Early Celtic Christian monastery

The monastery of Rosnat was an important center of the early Celtic Christianity. Scholars differ as to its actual location. Two locations much discussed are Ninian's Candida Casa at Whithorn in Scotland, and Ty Gwyn overlooking Whitesands Bay (Pembrokeshire).

==History==
According to Alban Butler, in his youth, Tigernach of Clones "...was carried away by pirates into Britain, and fell into the hands of a British king, who being taken with his virtue, placed him in the monastery of Rosnat." Butler does not indicate a location for Rosnat.

It appears that Rosnat was a double monastery with a separate house for women.

==Possible locations==
Although the names "Whithorn", "Candida Casa", and "Rosnat" appear to be used interchangeably, there remain different views as to the applicability of the latter.

An alternate name for the "great monastery" was Alba, i.e. "white". This has been used to support claims for
- Candida Casa, from the Latin casa (meaning hut) and candidus/candida (meaning shining or glittering white), ("Shining White House");
- Ty Gwyn - (Welsh for "White" or "Blessed House"); and
- Bangor - ban in Irish signifying "white", Ban-chor meaning "white choir".

===Whithorn===
Bishop John Healy identifies the site with Ninian's Candida Casa, near Whithorn in Galloway. "This monastery of Rosnat is by some writers placed in the valley of Rosina, in Wales, where a certain St. Manchen is said to have founded a religious house. We are inclined to agree with Skene that it was rather the celebrated monastery known as Candida Casa, or Whithern, founded by St. Ninian at the extremity of the peninsula of Galloway." (Skene is antiquary William Forbes Skene.)

Irish Church historian John Lanigan identifies Rosnat with Candida Casa, established by Ninian some time before. However, British medievalist and Celtic scholar David Dumville does not find that credible and notes that St. Davids's in Dyfed has also been proposed.

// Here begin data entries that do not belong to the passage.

(* For $a\in\mathbb R\setminus\{0,1\}$, let $\mathfrak g_a$ be the $7$-dimensional nilpotent Lie algebra with basis $\{e_1,\dots,e_7\}$ and dual basis $\{e^i\}$ satisfying $$de^1=de^2=de^3=0,\ de^4=(a-1)e^{12},\ de^5=ae^{13},\ de^6=e^{23},\ de^7=e^{16}+e^{25}+e^{34}.$$ Then the set $\mathbf S$ of signatures of diagonal metrics satisfying $\operatorname{Ric}=-\frac12\mathrm{id}+\frac12N$ is: for $a<0$: $\{\emptyset,12357,12367,1237,126,125,1256,134,13456,1346,14567,1457,147,234,2345,23456,24567,2467,247,3567,357,367,5,6\}$; for $0<a<1$: $\{\emptyset,12347,1237,12357,12456,1256,126,13456,1346,136,1457,147,157,234,2345,235,24567,2467,267,34567,3567,367,4,5\}$; for $a>1$: $\{\emptyset,12347,12367,1237,12456,125,1256,134,1346,136,14567,1457,157,2345,23456,235,2467,247,267,34567,3567,357,4,6\}$.
   Context: $d$ is the Chevalley–Eilenberg differential and $e^{ij}=e^i\wedge e^j$; the basis $\{e_i\}$ is a nice basis. The root matrix $M_\Delta$ has one row for each triple $(\{i,j\},k)$ with $[e_i,e_j]$ a nonzero multiple of $e_k$, with $+1$ in position $k$, $-1$ in positions $i,j$, $0$ elsewhere. $N$ is the diagonal Nikolayevsky derivation: the diagonal matrix with diagonal $M_\Delta^Tb+[1]$, where $b$ solves $M_\Delta M_\Delta^Tb=[1]$, $[1]$ the all-ones vector. A diagonal metric is $\sum_ig_ie^i\otimes e^i$, $g_i\neq0$, with Ricci operator $\operatorname{Ric}$. A signature is recorded as the string of indices $i$ with $g_i<0$; $\emptyset$ denotes positive definite. *)

From HB Require Import structures.
From mathcomp Require Import all_boot all_order all_algebra.
From mathcomp Require Import reals.
Set Implicit Arguments. Unset Strict Implicit. Unset Printing Implicit Defensive.
Import Order.TTheory GRing.Theory Num.Theory.
Local Open Scope ring_scope.

(* A Lie algebra of dimension n with basis e_0..e_(n-1) is given by its
   structure constants:  [e_i, e_j] = \sum_k c i j k e_k.
   A diagonal metric is g = \sum_i g_i e^i (x) e^i, i.e. g(e_i,e_j) = delta_ij g_i. *)

Section Machinery.
Variables (R : realType) (n : nat).
Implicit Types (c : 'I_n -> 'I_n -> 'I_n -> R) (g : 'I_n -> R).

Definition diag_metric g : Prop := forall i, g i != 0.

(* Levi-Civita connection (Koszul formula for left-invariant fields):
   2 g(nabla_X Y, Z) = g([X,Y],Z) - g([Y,Z],X) + g([Z,X],Y);
   LC c g i j k = coefficient of e_k in nabla_{e_i} e_j. *)
Definition LC c g (i j k : 'I_n) : R :=
  (g k * c i j k - g i * c j k i + g j * c k i j) / (2 * g k).

(* Curvature R(X,Y) = nabla_X nabla_Y - nabla_Y nabla_X - nabla_[X,Y];
   curv c g i j l p = coefficient of e_p in R(e_i,e_j) e_l. *)
Definition curv c g (i j l p : 'I_n) : R :=
  \sum_(m < n) (LC c g j l m * LC c g i m p - LC c g i l m * LC c g j m p
                - c i j m * LC c g m l p).

Definition ric c g (j l : 'I_n) : R := \sum_(i < n) curv c g i j l i.

(* Ricci operator: g(Ric Y, Z) = ric(Y,Z).  Matrix convention:
   (A i j) = coefficient of e_i in A e_j. *)
Definition Ric c g : 'M[R]_n := \matrix_(l, j) (ric c g j l / g l).

(* Root matrix: one row for each triple ({i,j},k) with [e_i,e_j] a nonzero
   multiple of e_k (we list i < j), +1 in position k, -1 in positions i,j. *)
Definition root_triples c : seq ('I_n * 'I_n * 'I_n) :=
  filter (fun t : 'I_n * 'I_n * 'I_n =>
            (t.1.1 < t.1.2)%N && (c t.1.1 t.1.2 t.2 != 0))
         (enum [set: 'I_n * 'I_n * 'I_n]).

Definition root_matrix c : 'M[R]_(size (root_triples c), n) :=
  \matrix_(r, s) (let t := tnth (in_tuple (root_triples c)) r in
                  (s == t.2)%:R - (s == t.1.1)%:R - (s == t.1.2)%:R).

Definition is_Nikolayevsky c (N : 'M[R]_n) : Prop :=
  exists b : 'cV[R]_(size (root_triples c)),
    root_matrix c *m (root_matrix c)^T *m b = const_mx 1 /\
    N = diag_mx (((root_matrix c)^T *m b)^T + const_mx 1).

Definition signature g : {set 'I_n} := [set i | g i < 0].

Definition in_S c (s : {set 'I_n}) : Prop :=
  exists g, diag_metric g /\ signature g = s /\
    exists N, is_Nikolayevsky c N /\
      Ric c g = (- 2^-1) *: 1%:M + 2^-1 *: N.

End Machinery.

(* Indices are 0-based: e_(i+1) of the paper is index i.
   dcoef a k i j (i < j) = coefficient of e^{ij} in de^k:
   de^4=(a-1)e^{12}, de^5=a e^{13}, de^6=e^{23}, de^7=e^{16}+e^{25}+e^{34}. *)
Definition dcoef (R : realType) (a : R) (k i j : 'I_7) : R :=
  match nat_of_ord k, nat_of_ord i, nat_of_ord j with
  | 3, 0, 1 => a - 1
  | 4, 0, 2 => a
  | 5, 1, 2 => 1
  | 6, 0, 5 => 1
  | 6, 1, 4 => 1
  | 6, 2, 3 => 1
  | _, _, _ => 0
  end.

(* de^k(e_i, e_j), with e^{ij} = e^i /\ e^j, e^{ij}(e_i,e_j) = 1. *)
Definition dform (R : realType) (a : R) (k i j : 'I_7) : R :=
  if (i < j)%N then dcoef a k i j
  else if (j < i)%N then - dcoef a k j i else 0.

(* Chevalley-Eilenberg convention: de(X,Y) = - e([X,Y]),
   so the coefficient of e_k in [e_i,e_j] is - de^k(e_i,e_j). *)
Definition ga (R : realType) (a : R) (i j k : 'I_7) : R := - dform a k i j.

(* Signatures written as strings of 1-based indices. *)
Definition sg (s : seq nat) : {set 'I_7} := [set i : 'I_7 | (i.+1 \in s)].

Definition S_neg : seq {set 'I_7} := map sg
  [:: [::]; [::1;2;3;5;7]; [::1;2;3;6;7]; [::1;2;3;7]; [::1;2;6]; [::1;2;5];
      [::1;2;5;6]; [::1;3;4]; [::1;3;4;5;6]; [::1;3;4;6]; [::1;4;5;6;7];
      [::1;4;5;7]; [::1;4;7]; [::2;3;4]; [::2;3;4;5]; [::2;3;4;5;6];
      [::2;4;5;6;7]; [::2;4;6;7]; [::2;4;7]; [::3;5;6;7]; [::3;5;7];
      [::3;6;7]; [::5]; [::6]].

Definition S_mid : seq {set 'I_7} := map sg
  [:: [::]; [::1;2;3;4;7]; [::1;2;3;7]; [::1;2;3;5;7]; [::1;2;4;5;6];
      [::1;2;5;6]; [::1;2;6]; [::1;3;4;5;6]; [::1;3;4;6]; [::1;3;6];
      [::1;4;5;7]; [::1;4;7]; [::1;5;7]; [::2;3;4]; [::2;3;4;5]; [::2;3;5];
      [::2;4;5;6;7]; [::2;4;6;7]; [::2;6;7]; [::3;4;5;6;7]; [::3;5;6;7];
      [::3;6;7]; [::4]; [::5]].

Definition S_pos : seq {set 'I_7} := map sg
  [:: [::]; [::1;2;3;4;7]; [::1;2;3;6;7]; [::1;2;3;7]; [::1;2;4;5;6];
      [::1;2;5]; [::1;2;5;6]; [::1;3;4]; [::1;3;4;6]; [::1;3;6];
      [::1;4;5;6;7]; [::1;4;5;7]; [::1;5;7]; [::2;3;4;5]; [::2;3;4;5;6];
      [::2;3;5]; [::2;4;6;7]; [::2;4;7]; [::2;6;7]; [::3;4;5;6;7];
      [::3;5;6;7]; [::3;5;7]; [::4]; [::6]].

(* N is determined by M M^T b = [1] alone, because M M^T u = 0 forces M^T u = 0 (it is
   orthogonal to itself); here N = diag(1/2,1/2,1/2,1,1,1,3/2).  For a diagonal metric the
   Ricci operator of g_a is diagonal and depends only on the six quantities
   x_ijk = c^2 g_k / (g_i g_j) attached to the brackets [e_i, e_j] = c e_k.  The equation
   Ric = -1/2 id + 1/2 N becomes x124 = x347, x135 = x257, x236 = x167 and
   x124 + x135 + x236 = 1/2.  As x124 x347 = (a-1)^2 x236 x167 and x135 x257 = a^2 x236 x167,
   this forces x124 = +-(a-1) x236 and x135 = +-a x236, which leaves exactly three solutions.
   The signs of g_1, g_2, g_3 are free and, together with the signs of the solution, they
   determine those of g_4, ..., g_7 (e.g. g_7 = g_1 g_2 g_3 x236^2); running through the
   8 x 3 cases gives the three lists of signatures. *)

From HB Require Import structures.
From mathcomp Require Import all_boot all_order all_algebra.
From mathcomp Require Import reals ring lra.
From mathcomp Require boolp.
Import Order.TTheory GRing.Theory Num.Theory.
Local Open Scope ring_scope.
Set Implicit Arguments. Unset Strict Implicit. Unset Printing Implicit Defensive.

Lemma mulmx_trmx_eq0 (R : realDomainType) m n (M : 'M[R]_(m, n)) (c : 'cV_m) :
  M *m (M^T *m c) = 0 -> M^T *m c = 0.
Proof.
set u := M^T *m c => Mu0.
have : (u^T *m u) 0 0 = 0 by rewrite trmx_mul trmxK -mulmxA Mu0 mulmx0 mxE.
rewrite mxE => /eqP; rewrite psumr_eq0 => [/allP u0|i _]; last first.
  by rewrite mxE -expr2 sqr_ge0.
apply/matrixP => i j; rewrite ord1 [RHS]mxE.
have := u0 i (mem_index_enum _); rewrite [u^T 0 i]mxE -expr2 sqrf_eq0.
by move/eqP.
Qed.

Lemma is_NikolayevskyP (R : realType) n (c : 'I_n -> 'I_n -> 'I_n -> R) b w :
  (root_matrix c)^T *m b = w -> root_matrix c *m w = const_mx 1 ->
  forall N, is_Nikolayevsky c N <-> N = diag_mx (w^T + const_mx 1).
Proof.
move=> Mb Mw N; split=> [[b' [MMb' ->]]|->]; last first.
  by exists b; rewrite -mulmxA Mb Mw.
suff -> : (root_matrix c)^T *m b' = w by [].
apply/eqP; rewrite -subr_eq0 -Mb -mulmxBr; apply/eqP/mulmx_trmx_eq0.
by rewrite mulmxA mulmxBr MMb' -mulmxA Mb Mw subrr.
Qed.

Section RootMatrixEntries.
Variables (R : realType) (n : nat) (c : 'I_n -> 'I_n -> 'I_n -> R).

Definition root_triple (r : 'I_(size (root_triples c))) := tnth (in_tuple (root_triples c)) r.

Lemma root_matrix_mulmx (v : 'cV[R]_n) r :
  (root_matrix c *m v) r 0 =
    v (root_triple r).2 0 - v (root_triple r).1.1 0 - v (root_triple r).1.2 0.
Proof.
rewrite mxE; under eq_bigr do rewrite mxE /= !mulrBl !mulr_natl !mulrb.
by rewrite !sumrB -!big_mkcond !big_pred1_eq.
Qed.

Lemma trmx_root_matrix_mulmx (f : 'I_n * 'I_n * 'I_n -> R) s :
  ((root_matrix c)^T *m \col_r f (root_triple r)) s 0 =
    \sum_(t <- root_triples c) ((s == t.2)%:R - (s == t.1.1)%:R - (s == t.1.2)%:R) * f t.
Proof. by rewrite mxE [RHS]big_tnth; apply: eq_bigr => r _; rewrite !mxE. Qed.

End RootMatrixEntries.

Local Notation ord7 k := (@Ordinal 7 k isT).

Lemma ord7_ind (P : 'I_7 -> Prop) :
  P (ord7 0) -> P (ord7 1) -> P (ord7 2) -> P (ord7 3) -> P (ord7 4) -> P (ord7 5) ->
  P (ord7 6) -> forall i, P i.
Proof.
move=> P0 P1 P2 P3 P4 P5 P6 [[|[|[|[|[|[|[|//]]]]]]] i7];
  by rewrite (bool_irrelevance i7 isT).
Qed.

Lemma big_ord7 (V : nmodType) (F : 'I_7 -> V) :
  \sum_(i < 7) F i =
    F (ord7 0) + F (ord7 1) + F (ord7 2) + F (ord7 3) + F (ord7 4) + F (ord7 5) + F (ord7 6).
Proof.
rewrite !big_ord_recl big_ord0 addr0 !addrA.
by congr (F _ + F _ + F _ + F _ + F _ + F _ + F _); apply: val_inj.
Qed.

Definition ga_triples : seq ('I_7 * 'I_7 * 'I_7) :=
  [:: (ord7 0, ord7 1, ord7 3); (ord7 0, ord7 2, ord7 4); (ord7 0, ord7 5, ord7 6);
      (ord7 1, ord7 2, ord7 5); (ord7 1, ord7 4, ord7 6); (ord7 2, ord7 3, ord7 6)].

P.A. Wilson says that the development of the cult of Ninian after publication of Bede's Ecclesiastical History caused later editors of vita pertaining to Irish saints who trained in Britain, to identify the unknown Rosnat and its abbot Macannus with Candida Casa and Ninnian. He notes that whether or not Whithorn was Rosnat, it was held in high regard by the Irish, and a number of Irish ecclesiastics may have trained there.

===Ty Gwyn===
Mrs. Dawson, writing in the Archaeologia Cambrensis, argues for Ty Gwyn, in Pembrokeshire, pointing out that "Ty Gwyn" is Welsh for "White House". According to John Francis Shearman, the most celebrated abbot of Ty Gwyn was Pawl Hen, also known as Paulinus of Wales or Paulinus of the North (sometimes identified with Paul Aurelian), which he then identified with Ty Gwyn ar Daf in Carmarthenshire. Ty Gwyn ar Dar, which means "White House on the River Taf", is now known as Whitland. Dawson maintains that Shearman is correct in naming Pawl Hen as founder of the monastery, but incorrect in placing Pawl Hen in that Ty Gwyn.

===Other locations===
Irish hagiographer and historian John Colgan believed Rosnat or "Alba" was Bangor-on-Dee, founded about AD 560 by Saint Dunod from the preface "ban", meaning "white".

"Dr Breeze, writing in the Welsh Journal of Religious History (Vol 7), is convinced that “Rosnat was surely in Cornwall, near Truro”. This is supported by an old Cornish play on St Kea, which came to light in 2007. It refers to the saint’s place of residence (now called Old Kea) as in Rosewa or Rosene."